Exercise directions
For the entries below, print exactly the lines between the line holding "set V := side_count" and the line holding "by rewrite ltr_pdivrMr", inclusive, and nothing else.

Given records
Lemma act_movable p u x : ~~ isr p.1 -> Leq u (p :: x) -> act p u = rem p u.
Proof.
move=> p_imag Lux; rewrite /act (negbTE p_imag) (Leq_mem p_imag Lux) mem_head /=.
by case: excluded_middle_informative => // -[]; exists x.
Qed.

Lemma act_stuck p u : ~~ isr p.1 -> p \in u -> ~ movable p u -> act p u = u.
Proof.
move=> p_imag p_in stuck; rewrite /act (negbTE p_imag) p_in.
by case: excluded_middle_informative.
Qed.

Lemma mem_act_neq p q u : q != p -> (q \in act p u) = (q \in u).
Proof.
move=> neq_qp; rewrite /act; case: ifP => _; first by rewrite in_cons (negbTE neq_qp).
by case: excluded_middle_informative => _ /=; rewrite ?mem_rem_neq.
Qed.

Lemma act_compat p u v : Leq u v -> Leq (act p u) (act p v).
Proof.
move=> Luv; rewrite /act; case: (boolP (isr p.1)) => [_ | p_imag] /=; first exact: congr_cl_cons.
rewrite -(Leq_mem p_imag Luv); case: ifP => _; first exact: congr_cl_cons.
have mov_uv : movable p u <-> movable p v.
  by split=> -[x Lx]; exists x; [apply: cc_trans (cc_sym Luv) Lx | apply: cc_trans Luv Lx].
case: excluded_middle_informative => [mov_u | stuck_u];
  case: excluded_middle_informative => [mov_v | stuck_v] //.
- exact: Leq_rem.
- by case: stuck_v; apply/mov_uv.
- by case: stuck_u; apply/mov_uv.
Qed.

Definition uniq_imag (u : seq T) := forall r, ~~ isr r.1 -> (count_mem r u <= 1)%N.

Lemma uniq_imag_act p u : uniq_imag u -> uniq_imag (act p u).
Proof.
move=> uniq_u r r_imag; rewrite /act; case: ifP => [p_cons | _].
  rewrite /=; have [eq_pr | _] := eqVneq p r; last exact: uniq_u.
  by move: p_cons; rewrite eq_pr (negbTE r_imag) /= => /count_memPn ->.
case: excluded_middle_informative => _ /=; last exact: uniq_u.
rewrite count_mem_rem.
exact: leq_trans (leq_subr _ _) (uniq_u r r_imag).
Qed.
Lemma shapley_potential_improve (pp : profile E N) j r :
    (forall k, pp k \in P k) -> r \in P j ->
    0 < approx_cost ftil j pp - (1 + eps) / (1 - eps) * approx_cost ftil j (upd pp j r) ->
  Phi (upd pp j r) <= Phi pp.
Proof.
move=> pp_in r_in improving.
have upd_in k : upd pp j r k \in P k by rewrite /upd; case: eqP => [->|].
suff : indiv_cost alpha sigma xi w j (upd pp j r) < indiv_cost alpha sigma xi w j pp.
  by have := shapley_potential_upd alpha sigma xi w pp j r; lra.
apply: approx_improvement eps01 _ _ improving; rewrite /indiv_cost mulr_sumr.
  by apply: ler_sum => e _; case: (ftil_approx j e pp_in).
by apply: ler_sum => e _; case: (ftil_approx j e upd_in).
Qed.

Lemma ABRD_run_step t : (1 <= t <= T)%N ->
  p t = p t.-1 \/ exists2 j, 0 < delta eps ftil p br t j & p t = upd (p t.-1) j (br t j).
Proof.
move=> tT; have [_ /(_ t tT) [_]] := run.
case: deterministic => [[j [dj [_ ->]]]|[j ->]]; first by right; exists j.
by case: ifP => dj; [right; exists j | left].
Qed.

Lemma ABRD_run_feasible t : (t <= T)%N -> forall k, p t k \in P k.
Proof.
have [init step] := run; elim: t => [_ k|t IH tT k]; first by case: (init k).
have [br_in _] := step t.+1 tT.
have [->|[j _ ->]] := ABRD_run_step (t := t.+1) tT; first exact: (IH (ltnW tT) k).
rewrite /upd; case: ifP => [/eqP ->|_]; [by case: (br_in j) | exact: (IH (ltnW tT) k)].
Qed.

Lemma ABRD_run_potential_step t : (t < T)%N -> Phi (p t.+1) <= Phi (p t).
Proof.
move=> tT; have [->//|[j improving ->]] := ABRD_run_step (t := t.+1) tT.
have [br_in _] := run.2 t.+1 tT.
apply: shapley_potential_improve improving; last by case: (br_in j).
exact: ABRD_run_feasible (ltnW tT).
Qed.

Lemma ABRD_run_potential_nonincreasing s t : (s <= t <= T)%N -> Phi (p t) <= Phi (p s).
Proof.
elim: t => [|t IH] /andP[st tT]; first by move: st; rewrite leqn0 => /eqP ->.
move: st; rewrite leq_eqVlt ltnS => /predU1P[-> //|st].
by apply: le_trans (ABRD_run_potential_step tT) (IH _); rewrite st ltnW.
Qed.
Lemma upd_inj u i i' c c' :
  c != tnth u i -> c' != tnth u i' -> upd u i c = upd u i' c' -> (i, c) = (i', c').
Proof.
move=> ne ne' E; have := letter_upd u i c i; rewrite E letter_upd eqxx.
case: (i =P i') => [<-|_] ci; last by move: ne; rewrite -val_eqE /= -ci eqxx.
by congr pair; apply: val_inj; rewrite /= ci.
Qed.

Definition neighbor u j : word n := upd u (step_of u j).1 (step_of u j).2.

Lemma adjacent_neighbor u v : triword u -> adjacent u v <-> exists j, v = neighbor u j.
Proof.
move=> Tu; rewrite adjacentP //; split=> [[i [c [/cover_stepP step ->]]]|[j ->]].
  by have [j Ej] := step_of_surj Tu (step Tu); exists j; rewrite /neighbor Ej.
by exists (step_of u j).1, (step_of u j).2; split=> //; apply/cover_stepP/cover_stepb_step_of.
Qed.

Lemma neighbor_inj u : triword u -> injective (neighbor u).
Proof.
move=> Tu j1 j2 E; apply: step_of_inj.
have ne j : (step_of u j).2 != tnth u (step_of u j).1.
  by case/(cover_stepP _ _ Tu): (cover_stepb_step_of u j).
by rewrite [LHS]surjective_pairing [RHS]surjective_pairing; apply: upd_inj E.
Qed.

Lemma card_adjacent u : triword u -> #|[pred v | adjacent u v]| = n.
Proof.
move=> Tu; rewrite -[RHS]card_ord -(card_codom (neighbor_inj Tu)).
by apply: eq_card => v; rewrite !inE; apply/idP/codomP => /(adjacent_neighbor _ Tu).
Qed.

Lemma tr_in_add_out u : tr_in u + tr_out u = #|[pred v | adjacent u v]|.
Proof.
rewrite /tr_in /tr_out addnC -cardUI (eq_card0 (A := [predI _ & _])) ?addn0 //.
move=> v; rewrite !inE; apply/andP => -[/and4P[_ _ uv _] /and4P[_ _ vu _]].
by move: (wlt_antisym uv); rewrite vu.
Qed.

End Words.

Theorem lemma3p4 (n : nat) (u : word n) :
  1 <= n -> triword u -> tr_in u + tr_out u = n.
Proof.
by move=> _ Tu; rewrite tr_in_add_out card_adjacent.
Qed.
Lemma sum_card_maximal_matchings :
  \sum_(M in maximal_matchings (@pend_rel k)) #|M| = maximal_size_sum.
Proof.
rewrite maximal_matchingsE big_imset /=; last exact: matching_of_inj.
rewrite (eq_bigr (fun f => extension_size k (core_part f))); last first.
  by move=> f; rewrite inE => /card_matching_of.
rewrite (sum_partner_funs k (extension_size k)) (sum_core_matchings
  (Phi := fun h => admissible k h * (extension_size k h * extension_count k h))) //.
move=> h h' hh'.
by rewrite (admissible_ext hh') (extension_size_ext hh') (extension_count_ext hh').
Qed.

End Formulas.

(* Ways to complete the triangle [u v1 v2] when [u] is matched to one of its
   leaves: take the edge [v1 v2], or, provided some leaf hangs there, match
   each of [v1], [v2] that has leaves to one of them. *)
Definition side_count (x y : nat) : nat := 1 + (0 < x + y) * (maxn x 1 * maxn y 1).

Definition side_size (x y : nat) : nat :=
  1 + (0 < x + y) * (maxn x 1 * maxn y 1 * ((0 < x) + (0 < y))).

Lemma side_count_le_size x y : side_count x y <= side_size x y.
Proof.
rewrite leq_add2l; case: posnP => //= xy; rewrite !mul1n leq_pmulr //.
by case: x y xy => [|x] [|y].
Qed.

Lemma leaf_weights_lt x y : 0 < x + y ->
  maxn x 1 + maxn y 1 < 3 * ((0 < x) * maxn x 1 + (0 < y) * maxn y 1).
Proof. by case: x y => [|x] [|y] //= _; rewrite /maxn /=; lia. Qed.

Section Bowtie.
Variables a b1 b2 c1 c2 : nat.
Local Notation k := (leafcount a.+1 b1 b2 c1 c2).

(* Grouped by the partner of [u]: a leaf, a vertex of the triangle [u v1 v2]
   (the other one then takes a leaf if it has any, and [u w1 w2] is completed
   as in [side_count]), or a vertex of [u w1 w2]. *)
Lemma maximal_count_bowtie :
  maximal_count k =
  a.+1 * side_count b1 b2 * side_count c1 c2
  + (maxn b1 1 + maxn b2 1) * side_count c1 c2
  + (maxn c1 1 + maxn c2 1) * side_count b1 b2.
Proof.
rewrite /maximal_count /admissible /extension_count /leaf_weight /leafcount /side_count.
rewrite unlock /=.
by case: b1 b2 c1 c2 => [|?] [|?] [|?] [|?]; rewrite /maxn /=; ring.
Qed.

Lemma maximal_size_sum_bowtie :
  maximal_size_sum k =
  a.+1 * (side_count b1 b2 * side_count c1 c2 + side_size b1 b2 * side_count c1 c2
          + side_count b1 b2 * side_size c1 c2)
  + maxn b2 1 * ((0 < b2).+1 * side_count c1 c2 + side_size c1 c2)
  + maxn b1 1 * ((0 < b1).+1 * side_count c1 c2 + side_size c1 c2)
  + maxn c2 1 * ((0 < c2).+1 * side_count b1 b2 + side_size b1 b2)
  + maxn c1 1 * ((0 < c1).+1 * side_count b1 b2 + side_size b1 b2).
Proof.
rewrite /maximal_size_sum /admissible /extension_size /extension_count /contributes.
rewrite /leaf_weight /leafcount /side_count /side_size unlock /=.
by case: b1 b2 c1 c2 => [|?] [|?] [|?] [|?]; rewrite /maxn /=; ring.
Qed.

Lemma bowtie_count_size_lt : 0 < b1 + b2 + c1 + c2 ->
  7 * maximal_count k < 3 * maximal_size_sum k.
Proof.
move=> leaves; rewrite maximal_count_bowtie maximal_size_sum_bowtie.
(* What remains of the claim once [side_size] is bounded below by [side_count]. *)
have reduced :
  (maxn b1 1 + maxn b2 1) * side_count c1 c2 + (maxn c1 1 + maxn c2 1) * side_count b1 b2 <
  2 * a.+1 * side_count b1 b2 * side_count c1 c2
  + 3 * ((0 < b1) * maxn b1 1 + (0 < b2) * maxn b2 1) * side_count c1 c2
  + 3 * ((0 < c1) * maxn c1 1 + (0 < c2) * maxn c2 1) * side_count b1 b2.
  have [b0|bpos] := posnP (b1 + b2); have [c0|cpos] := posnP (c1 + c2).
  - by move: leaves; rewrite -addnA c0 addn0 b0.
  - move: b0 => /eqP; rewrite addn_eq0 => /andP[/eqP-> /eqP->].
    by have := leaf_weights_lt cpos; rewrite (_ : side_count 0 0 = 1) //; nia.
  - move: c0 => /eqP; rewrite addn_eq0 => /andP[/eqP-> /eqP->].
    by have := leaf_weights_lt bpos; rewrite (_ : side_count 0 0 = 1) //; nia.
  - have := leaf_weights_lt bpos; have := leaf_weights_lt cpos.
    have V0 : 0 < side_count b1 b2 by []; have W0 : 0 < side_count c1 c2 by [].
    nia.
have hV := side_count_le_size b1 b2; have hW := side_count_le_size c1 c2.
move: reduced hV hW.
set V := side_count b1 b2; set W := side_count c1 c2.
set V' := side_size b1 b2; set W' := side_size c1 c2.
clearbody V W V' W' => reduced hV hW.
apply: (@leq_trans (3 * (a.+1 * (V * W + V * W + V * W)
  + maxn b2 1 * ((0 < b2).+1 * W + W) + maxn b1 1 * ((0 < b1).+1 * W + W)
  + maxn c2 1 * ((0 < c2).+1 * V + V) + maxn c1 1 * ((0 < c1).+1 * V + V)))); last first.
  by do ![exact: leqnn | apply: leq_add | apply: leq_mul].
lia.
Qed.

End Bowtie.

Lemma maximal_count_R33 m : maximal_count (leafcount 0 m.+1 0 0 0) = 3 * m.+1 + 4.
Proof.
rewrite /maximal_count /admissible /extension_count /leaf_weight /leafcount.
by rewrite unlock /maxn /=; ring.
Qed.

Lemma maximal_size_sum_R33 m : maximal_size_sum (leafcount 0 m.+1 0 0 0) = 7 * m.+1 + 8.
Proof.
rewrite /maximal_size_sum /admissible /extension_size /extension_count /contributes.
by rewrite /leaf_weight /leafcount unlock /maxn /=; ring.
Qed.

Lemma avmE (k : 'I_5 -> nat) :
  avm (@pend_rel k) = ((maximal_size_sum k)%:R / (maximal_count k)%:R)%R.
Proof. by rewrite /avm sum_card_maximal_matchings card_maximal_matchings. Qed.

Lemma ratio_lt (x y z w : nat) : 0 < y -> 0 < w -> x * w < z * y ->
  (x%:R / y%:R < z%:R / w%:R :> rat)%R.
Proof.
move=> y_gt0 w_gt0 xwzy.
by rewrite ltr_pdivrMr ?ltr0n // mulrAC ltr_pdivlMr ?ltr0n // -!natrM ltr_nat.
Qed.

Lemma avm_R33_lt m : (avm (@pend_rel (leafcount 0 m.+1 0 0 0)) < 7%:R / 3%:R)%R.
Proof.
rewrite avmE maximal_count_R33 maximal_size_sum_R33; apply: ratio_lt => //; lia.
Qed.

Lemma avm_bowtie_gt a b1 b2 c1 c2 : 0 < b1 + b2 + c1 + c2 ->
  (7%:R / 3%:R < avm (@pend_rel (leafcount a.+1 b1 b2 c1 c2)))%R.
Proof.
move=> leaves; rewrite avmE; apply: ratio_lt => //.
  by rewrite maximal_count_bowtie -addnA ltn_addr // !muln_gt0.
by rewrite [_ * 3]mulnC bowtie_count_size_lt.
Qed.

Theorem lemma3p4 (a b1 b2 c1 c2 d n : nat) :
  (1 <= a)%N ->
  d = count (fun x => 0 < x)%N [:: b1; b2; c1; c2] ->
  (1 <= d <= 4)%N ->
  n = (5 + a + b1 + b2 + c1 + c2)%N ->
  (avm (@pend_rel (R33 n)) < avm (@pend_rel (leafcount a b1 b2 c1 c2)))%R.
Proof.
case: a => [//|a] _ -> d_range ->.
have leaves : 0 < b1 + b2 + c1 + c2 by move: d_range => /=; lia.
have -> : R33 (5 + a.+1 + b1 + b2 + c1 + c2) = leafcount 0 (a + b1 + b2 + c1 + c2).+1 0 0 0.
  by rewrite /R33; congr leafcount; lia.
exact: lt_trans (avm_R33_lt _) (avm_bowtie_gt a leaves).
Qed.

Answer box
set V := side_count b1 b2; set W := side_count c1 c2.
set V' := side_size b1 b2; set W' := side_size c1 c2.
clearbody V W V' W' => reduced hV hW.
apply: (@leq_trans (3 * (a.+1 * (V * W + V * W + V * W)
  + maxn b2 1 * ((0 < b2).+1 * W + W) + maxn b1 1 * ((0 < b1).+1 * W + W)
  + maxn c2 1 * ((0 < c2).+1 * V + V) + maxn c1 1 * ((0 < c1).+1 * V + V)))); last first.
  by do ![exact: leqnn | apply: leq_add | apply: leq_mul].
lia.
Qed.

End Bowtie.

Lemma maximal_count_R33 m : maximal_count (leafcount 0 m.+1 0 0 0) = 3 * m.+1 + 4.
Proof.
rewrite /maximal_count /admissible /extension_count /leaf_weight /leafcount.
by rewrite unlock /maxn /=; ring.
Qed.

Lemma maximal_size_sum_R33 m : maximal_size_sum (leafcount 0 m.+1 0 0 0) = 7 * m.+1 + 8.
Proof.
rewrite /maximal_size_sum /admissible /extension_size /extension_count /contributes.
by rewrite /leaf_weight /leafcount unlock /maxn /=; ring.
Qed.

Lemma avmE (k : 'I_5 -> nat) :
  avm (@pend_rel k) = ((maximal_size_sum k)%:R / (maximal_count k)%:R)%R.
Proof. by rewrite /avm sum_card_maximal_matchings card_maximal_matchings. Qed.

Lemma ratio_lt (x y z w : nat) : 0 < y -> 0 < w -> x * w < z * y ->
  (x%:R / y%:R < z%:R / w%:R :> rat)%R.
Proof.
move=> y_gt0 w_gt0 xwzy.
by rewrite ltr_pdivrMr ?ltr0n // mulrAC ltr_pdivlMr ?ltr0n // -!natrM ltr_nat.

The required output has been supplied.